Last year, Prime released data showing that 32% of patients were still taking a GLP-1 weight-loss drug 12 months after their initial prescription. The new data shows that overall, for all drugs included in the study, only about 15% were still taking their medication after two years.

For Wegovy, 24.1% of patients continued their treatment for two years without a break of 60 days or more, compared with 36% who continued taking the drug for a full year. With Ozempic, which contains the same active ingredient as Wegovy – semaglutide – 22.2% of patients continued to fill their prescriptions after two years, compared with 47.1% who had used it for a year.

Older GLP-1 drugs fared less well. After two years, only 7.4% of patients were still taking Novo’s Saxenda, a less effective weight-loss drug that some health plans require patients to try before newer GLPs like Wegovy or Eli Lilly’s Zepbound.

In the analysis, 45% of patients were taking Ozempic or Wegovy. The rest were taking Saxenda or Victoza, both based on liraglutide, Rybelsus, an oral version of semaglutide, or Lilly’s Trulicity (dulaglutide).

The analysis also found that 26% of patients switched GLP-1 drugs mid-treatment, possibly due to shortages or changes in insurance coverage, according to Dr.
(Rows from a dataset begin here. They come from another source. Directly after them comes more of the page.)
Lemma bsc_capped_sup B (G : cantor_space -> nat -> nat) :
  (forall k, prefix_determined (G^~ k)) ->
  @bounded_semicontinuous (stone_space A) R (fun x => (capped_sup B (G x))%:R).
Proof.
move=> G_pre; split; last by left; apply: lsc_capped_sup.
by exists B%:R => x; rewrite normr_nat ler_nat capped_sup_le.
Qed.

Lemma stable_limit_ascents_descents q K : (forall i, (K <= i)%N -> q i = q K) ->
  A q -> (fun i => (q i)%:R) @ \oo --> F_asc q - F_desc q.
Proof.
move=> q_stable Aq.
have -> : F_asc q = (q 0%N + ascents q K)%N%:R.
  congr (_%:R); apply: capped_sup_eq; last 2 first.
  - by exists K.
  - by move=> k; rewrite leq_add2l ascents_stable.
  by have := leq_trans (ascents_le q K) (A_bounded Aq K); case: (q 0%N); lia.
have -> : F_desc q = (descents q K)%:R.
  congr (_%:R); apply: capped_sup_eq; last 2 first.
  - by exists K.
  - by move=> k; rewrite descents_stable.
  exact: leq_trans (descents_le q K) (A_bounded Aq K).
apply: cvg_near_cst; near=> i.
by rewrite -ascents_descents natrD addrK q_stable //; near: i; exists K.
Unshelve. all: by end_near.
Qed.

Lemma bounded_alternations_DBSC_limit : exists f : stone_space A -> R,
  (forall q, A q -> (fun i => (q i)%:R) @ \oo --> f q) /\ DBSC f.
Proof.
exists (fun q => F_asc q - F_desc q); split.
  move=> q Aq.
  have [K q_stable] := bounded_alternations_eventually_const (A_bounded Aq).
  exact: stable_limit_ascents_descents q_stable Aq.
exists F_asc, F_desc; split; [|split=> //]; apply: bsc_capped_sup => k.
  apply: prefix_determined_head_add.
  exact: (prefix_determined_transitions (fun a b => ~~ a && b)).
exact: (prefix_determined_transitions (fun a b => a && ~~ b)).
Qed.

End BoundedAlternationLimit.

Section Proposition.
Variables (L : signature) (U : structure L) (n m : nat) (phi : formula L).
Variable R : realType.
Implicit Types (a : nat -> 'I_n -> U) (b : 'I_m -> U).

Definition eventually_constant_subseq (a : nat -> 'I_n -> U) :=
  exists j : nat -> nat, {homo j : p q / (p < q)%N} /\
    forall b : 'I_m -> U, exists N : nat, forall i : nat, (N <= i)%N ->
      (satxy phi (a (j i)) b <-> satxy phi (a (j N)) b).

Definition variation (a : nat -> 'I_n -> U) (b : 'I_m -> U) : \bar R :=
  \sum_(1 <= i <oo) (`|tv phi R (a i) b - tv phi R (a i.+1) b|)%:E.

Definition bounded_variation_subseq (a : nat -> 'I_n -> U) :=
  exists j : nat -> nat, {homo j : p q / (p < q)%N} /\
    exists N : nat, forall b : 'I_m -> U, (variation (a \o j) b <= N%:R%:E)%E.

Definition DBSC_limit_subseq (a : nat -> 'I_n -> U) :=
  exists j : nat -> nat, {homo j : p q / (p < q)%N} /\
    exists f : stone_space (phi_types m phi (fun i => a (j i))) -> R,
      (forall q : nat -> bool, phi_types m phi (fun i => a (j i)) q ->
         (fun i : nat => ((q i)%:R : R)) @ \oo --> f q) /\
      DBSC f.

Lemma tv_dist (a a' : 'I_n -> U) (b : 'I_m -> U) :
  `|tv phi R a b - tv phi R a' b| =
  (`[< satxy phi a b >] != `[< satxy phi a' b >] : nat)%:R.
Proof.
rewrite /tv; case: `[< _ >]; case: `[< _ >] => /=;
  by rewrite ?subrr ?normr0 ?subr0 ?sub0r ?normrN ?normr1.
Qed.

Lemma variation_partial_sum a b k :
  (\sum_(1 <= i < k) (`|tv phi R (a i) b - tv phi R (a i.+1) b|)%:E)%E =
  ((\sum_(1 <= i < k) (truth_seq phi a b i != truth_seq phi a b i.+1))%N%:R)%:E.
Proof.
by rewrite sumEFin natr_sum; congr (_%:E); apply: eq_bigr => i _; apply: tv_dist.
Qed.

Lemma variation_le a b N :
  (forall M, (alternations (truth_seq phi a b) M <= N)%N) ->
  (variation a b <= N%:R%:E)%E.
Proof.
move=> bounded; apply: lime_le.
  by apply: is_cvg_nneseries => *; rewrite lee_fin normr_ge0.
apply: nearW => k; rewrite variation_partial_sum lee_fin ler_nat.
exact: leq_trans (andP (alternations_tail _ k)).1 (bounded k).
Qed.

Lemma alternations_le_variation a b N : (variation a b <= N%:R%:E)%E ->
  forall M, (alternations (truth_seq phi a b) M <= N.+1)%N.
Proof.
move=> bounded M; apply: leq_trans (andP (alternations_tail _ M)).2 _.
rewrite add1n ltnS -(ler_nat R) -lee_fin -variation_partial_sum.
apply: le_trans bounded; apply: nneseries_lim_ge => *.
by rewrite lee_fin normr_ge0.
Qed.

Lemma shattered_alternating (a : nat -> 'I_n -> U) (j : nat -> nat) :
  (forall S : set nat, exists b : 'I_m -> U, forall i, satxy phi (a i) b <-> S i) ->
  {homo j : p q / (p < q)%N} ->
  exists b : 'I_m -> U, forall r, satxy phi (a (j r)) b <-> odd r.
Proof.
move=> shattered j_incr.
have [b Hb] := shattered [set i | exists2 r, i = j r & odd r].
exists b => r; rewrite Hb; split=> [[r' /(incn_inj (leq_mono j_incr)) ->] // | r_odd].
by exists r.
Qed.

Lemma eventually_constant_nip :
  (forall a, eventually_constant_subseq a) -> NIP U n m phi.
Proof.
move=> ev_const [a shattered]; have [j [j_incr Hj]] := ev_const a.
have [b Hb] := shattered_alternating shattered j_incr.
have [N HN] := Hj b; have := HN N.+1 (leqnSn N); rewrite !Hb /=.
by case: (odd N) => -[]; auto.
Qed.

Lemma odd_not_cvg (l : R) : ~ (fun i : nat => ((odd i)%:R : R)) @ \oo --> l.
Proof.
move=> /cvgr_dist_lt /(_ (1 / 2)) [|K _ HK]; first by rewrite divr_gt0.
have := HK K (leqnn K); have := HK K.+1 (leqnSn K); rewrite /= !ltr_norml.
by case: (odd K) => /= /andP[? ?] /andP[? ?]; lra.
Qed.

Lemma DBSC_limit_nip : (forall a, DBSC_limit_subseq a) -> NIP U n m phi.
Proof.
move=> dbsc [a shattered]; have [j [j_incr [f [f_lim _]]]] := dbsc a.
have [b Hb] := shattered_alternating shattered j_incr.
by apply: (odd_not_cvg (f_lim odd _)) => N; exists b => k _; apply: Hb.
Qed.

Lemma bounded_variation_eventually_constant a :
  bounded_variation_subseq a -> eventually_constant_subseq a.
Proof.
move=> [j [j_incr [N HN]]]; exists j; split=> // b.
have [K HK] :=
  bounded_alternations_eventually_const (alternations_le_variation (HN b)).
exists K => i Ki; have /= := HK i Ki.
by rewrite /truth_seq -[X in X <-> _]asboolE -[X in _ <-> X]asboolE => ->.
Qed.

Section NIP.
Hypothesis phi_in : formula_in n m phi.
Hypothesis U_sat : aleph1_saturated U.

Lemma nip_bounded_variation : NIP U n m phi -> forall a, bounded_variation_subseq a.
Proof.
move=> nip a; have [s s_incr [N HN]] := nip_bounded_alternations phi_in U_sat nip a.
by exists s; split=> //; exists N => b; apply: variation_le.
Qed.

Lemma nip_DBSC_limit : NIP U n m phi -> forall a, DBSC_limit_subseq a.
Proof.
move=> nip a; have [s s_incr [N HN]] := nip_bounded_alternations phi_in U_sat nip a.
exists s; split=> //; apply: bounded_alternations_DBSC_limit => q q_type M.
have [b Hb] := q_type M.+1.
rewrite (@eq_alternations _ (truth_seq phi (a \o s) b)) ?HN // => i iM.
by apply/esym/asbool_equiv_eqP; [exact: idP | apply: Hb].
Qed.

End NIP.
End Proposition.

Theorem proposition2p13 (L : signature) (T : theory L) (U : structure L)
    (n m : nat) (phi : formula L) (R : realType) :
  is_theory T -> complete_theory T ->
  is_model U T -> aleph1_saturated U ->
  formula_in n m phi ->
  [<-> NIP U n m phi;
    forall a : nat -> ('I_n -> U),
      exists j : nat -> nat, {homo j : p q / (p < q)%N} /\
        forall b : 'I_m -> U, exists N : nat, forall i : nat, (N <= i)%N ->
          (satxy phi (a (j i)) b <-> satxy phi (a (j N)) b);
    forall a : nat -> ('I_n -> U),
      exists j : nat -> nat, {homo j : p q / (p < q)%N} /\
        exists N : nat, forall b : 'I_m -> U,
          (\sum_(1 <= i <oo)
             ((`| tv phi R (a (j i)) b - tv phi R (a (j i.+1)) b |)%R)%:E
           <= (N%:R)%:E)%E;
    forall a : nat -> ('I_n -> U),
      exists j : nat -> nat, {homo j : p q / (p < q)%N} /\
        exists f : stone_space (phi_types m phi (fun i => a (j i))) -> R,
          (forall q : nat -> bool, phi_types m phi (fun i => a (j i)) q ->
             (fun i : nat => ((q i)%:R : R)) @ \oo --> f q) /\
          DBSC f].
Proof.
move=> _ _ _ U_sat phi_in.
have nip_var := nip_bounded_variation R phi_in U_sat.
have nip_lim := nip_DBSC_limit R phi_in U_sat.
have var_const := @bounded_variation_eventually_constant L U n m phi R.
tfae.
- by move=> /nip_var var a; apply/var_const/var.
- by move=> /eventually_constant_nip /nip_var.
- by move=> var; apply/nip_lim/eventually_constant_nip => a; apply/var_const/var.
- exact: DBSC_limit_nip.
Qed.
Patrick Gleason, assistant vice president for health outcomes at Prime/MRx and co-author of the analysis.

Novo and Lilly have been unable to meet the unprecedented demand for new drugs.

NOBODY REALLY KNOWS

In a statement, Novo Nordisk cited several limitations to the analysis. It noted that Wegovy was not launched until June 2021, midway through the study period, and it was not immediately covered by insurance. Additionally, Ozempic is not approved for weight loss, which may affect patients’ coverage and persistence in treatment, the Danish manufacturer said.
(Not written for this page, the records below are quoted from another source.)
(* Let $M,N\ge0$ be integers and let $\phi\in\mathcal{D}_N^M$. If $\{\phi(x-a):\ a\in I_p\}$ is an orthonormal system in $L^2(\mathbb{Q}_p)$, then $$\sum_{l=0}^{p^{M+N}-1}\Big|\widehat\phi\Big(\frac{l}{p^M}\Big)\Big|^2\chi_p\Big(\frac{lk}{p^{M+N}}\Big)=p^N\delta_{k0},\qquad k=0,1,\dots,p^N-1,$$ where $\delta_{k0}$ is the Kronecker delta.
   Context: $p$ is a prime, $\mathbb{Q}_p$ the field of $p$-adic numbers with norm $|\cdot|_p$. The fractional part of $x=p^{\gamma}\sum_{j\ge0}x_jp^j$ ($x_j\in\{0,\dots,p-1\}$, $x_0\ne0$) is $\{x\}_p=p^{\gamma}\sum_{j=0}^{-\gamma-1}x_jp^j$, $\{0\}_p=0$; $\chi_p(x)=e^{2\pi i\{x\}_p}$; $I_p=\{a\in\mathbb{Q}_p:\{a\}_p=a\}$; $B_\gamma(a)=\{x:|x-a|_p\le p^\gamma\}$. $dx$ is Haar measure with $B_0(0)$ of measure $1$; $\widehat f(\xi)=\int\chi_p(\xi x)f(x)\,dx$. A test function is a locally constant compactly supported complex function. $\mathcal{D}_N^M$ is the set of test functions $\phi$ that are $p^M$-periodic ($\phi(x+p^M)=\phi(x)$) and supported in $B_N(0)$; equivalently, locally constant $\phi$ with $\operatorname{supp}\phi\subset B_N(0)$, $\operatorname{supp}\widehat\phi\subset B_M(0)$. *)

From HB Require Import structures.
From mathcomp Require Import all_boot all_order all_algebra.
From mathcomp Require Import all_classical all_reals all_analysis.
From mathcomp Require Import complex Rstruct.
Set Implicit Arguments. Unset Strict Implicit. Unset Printing Implicit Defensive.
Import Order.TTheory GRing.Theory Num.Theory.
Local Open Scope ring_scope.

Notation R := Rdefinitions.R.
Notation C := (complex R).

Section Padic.
Variable p : nat.

(* x = sum_{j in Z} d_j p^j, digits 0 <= d_j <= p-1, only finitely many
   nonzero digits with negative index *)
Definition digitsP (d : int -> nat) : Prop :=
  (forall j, (d j <= p.-1)%N) /\
  exists K : nat, forall j : int, j < - (K%:Z) -> d j = 0%N.

Definition Qp := {d : int -> nat | digitsP d}.

Definition dig (x : Qp) : int -> nat := proj1_sig x.

Lemma digitsP0 : digitsP (fun _ => 0%N).
Proof. by split => // ; exists 0%N. Qed.

(* build a p-adic number from a digit function (meaningful only when the
   digit function is admissible, which is the case for all uses below) *)
Definition mkQp (d : int -> nat) : Qp :=
  match pselect (digitsP d) with
  | left h => exist _ d h
  | right _ => exist _ (fun _ => 0%N) digitsP0
  end.

Definition bndK (x : Qp) : nat := projT1 (cid (proj2 (proj2_sig x))).

(* truncation  tr x n = sum_{j < n} x_j p^j  (a rational number) *)
Definition trunc (x : Qp) (n : int) : rat :=
  let K := bndK x in
  \sum_(i < `|Num.max (0 : int) (n + K%:Z)%R|%N)
     ((dig x (i%:Z - K%:Z))%:R * (p%:Q) ^ (i%:Z - K%:Z)).

Definition digof (S : rat) (j : int) : nat :=
  `|(Num.floor (S / (p%:Q) ^ j) %% (p%:Z))%Z|%N.

Definition addQp (x y : Qp) : Qp :=
  mkQp (fun j => digof (trunc x (j + 1) + trunc y (j + 1)) j).
Definition oppQp (x : Qp) : Qp :=
  mkQp (fun j => digof ((p%:Q) ^ (j + 1) - trunc x (j + 1)) j).
Definition subQp (x y : Qp) : Qp := addQp x (oppQp y).
Definition mulQp (x y : Qp) : Qp :=
  let K := (bndK x + bndK y)%N in
  mkQp (fun j => digof (trunc x (j + 1 + K%:Z) * trunc y (j + 1 + K%:Z)) j).

Definition natQp (k : nat) : Qp :=
  mkQp (fun j => if 0 <= j then ((k %/ p ^ `|j|%N) %% p)%N else 0%N).
Definition pinvQp (n : nat) : Qp := mkQp (fun j => nat_of_bool (j == - (n%:Z))).
Definition zeroQp : Qp := natQp 0.

(* closed ball B_g(a) = { x : |x - a|_p <= p^g }, i.e. all digits of x - a
   of index < -g vanish *)
Definition inBall (g : int) (a x : Qp) : Prop :=
  forall j : int, j < - g -> dig (subQp x a) j = 0%N.

Definition fracQp (x : Qp) : Qp := mkQp (fun j => if j < 0 then dig x j else 0%N).
Definition fracval (x : Qp) : rat := trunc x 0.

Definition Ip : set Qp := [set a | fracQp a = a].

Definition chi (x : Qp) : C :=
  let t : R := ratr (fracval x) in
  Complex (cos (2 * pi * t)) (sin (2 * pi * t)).

Definition locconst (f : Qp -> C) : Prop :=
  forall x, exists m : int, forall y, inBall m x y -> f y = f x.
Definition compsupp (f : Qp -> C) : Prop :=
  exists n : int, forall x, f x != 0 -> inBall n zeroQp x.
Definition testfun (f : Qp -> C) : Prop := locconst f /\ compsupp f.

Definition DNM (N M : nat) (phi : Qp -> C) : Prop :=
  [/\ testfun phi,
      (forall x, phi (addQp x (natQp (p ^ M))) = phi x) &
      (forall x, phi x != 0 -> inBall N%:Z zeroQp x)].

(* Haar integral (dx, with B_0(0) of measure 1) of a test function f:
   if f is supported in B_n(0) and constant on the cosets of B_{-m}(0),
   int f = p^{-m} * sum over representatives k p^{-n}, 0 <= k < p^{n+m},
   of p^{-n}Z_p / p^m Z_p.  (Set to 0 on non-test functions; it is only
   applied to test functions below.) *)
Definition adapted (f : Qp -> C) (mn : nat * nat) : Prop :=
  (forall x, f x != 0 -> inBall mn.2%:Z zeroQp x) /\
  (forall x y, inBall (- mn.1%:Z) zeroQp y -> f (addQp x y) = f x).

Definition integral (f : Qp -> C) : C :=
  match pselect (exists mn, adapted f mn) with
  | left h => let mn := projT1 (cid h) in
      ((p%:R)^-1) ^+ mn.1 *
      \sum_(k < (p ^ (mn.2 + mn.1))%N) f (mulQp (natQp k) (pinvQp mn.2))
  | right _ => 0
  end.

Definition inner (f g : Qp -> C) : C := integral (fun x => f x * (g x)^*).
Definition fourier (f : Qp -> C) (xi : Qp) : C :=
  integral (fun x => chi (mulQp xi x) * f x).

Definition translate (a : Qp) (phi : Qp -> C) : Qp -> C :=
  fun x => phi (subQp x a).

Definition orthonormal_translates (phi : Qp -> C) : Prop :=
  forall a b, Ip a -> Ip b ->
    (a = b -> inner (translate a phi) (translate b phi) = 1) /\
    (a <> b -> inner (translate a phi) (translate b phi) = 0).

End Padic.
The company said it “does not believe these data are sufficient to draw conclusions about overall patient adherence and persistence to various GLP-1 medications, including our treatments.”

The new clinically tested GLP-1s have helped people lose more than 15% of their weight by suppressing appetite and promoting feelings of fullness. They are now being tested for a host of other health benefits that could improve insurance coverage.

In March, Wegovy was approved in the United States to reduce the risk of stroke and heart attack in overweight or obese adults.

The analysis did not track long-term use of Lilly’s Mounjaro and Zepbound, which were launched after the study’s starting point. Eli Lilly declined to comment on the overall results.

Prime/MRx did not ask patients why their prescriptions were stopped. Gleason said it was likely a combination of side effects such as nausea and vomiting, out-of-pocket costs and supply shortages.

Some patients may decide to stop treatment after successfully losing weight, doctors say. Other studies have shown that most patients who stop GLP-1 treatment typically regain most of their weight.

“No one really knows how long you should take these drugs,” said Dr. Walid Gellad, a professor of medicine at the University of Pittsburgh who studies medication adherence.

According to Dr. Kumar, some clinics and telemedicine services do not properly screen patients or provide adequate nutrition and exercise coaching, leading to poor outcomes and patient dropouts.

Prime/MRx is owned by 19 U.S. Blue Cross and Blue Shield health insurance plans and manages pharmacy benefits for approximately 38 million people.

Dr. David Lassen, PBM’s chief clinical officer, called the steady decline in persistence two years after treatment began a concern.

“It’s not a stabilization, it’s a slight deterioration,” he said. “It’s really about sustainability of weight loss in order to get long-term results.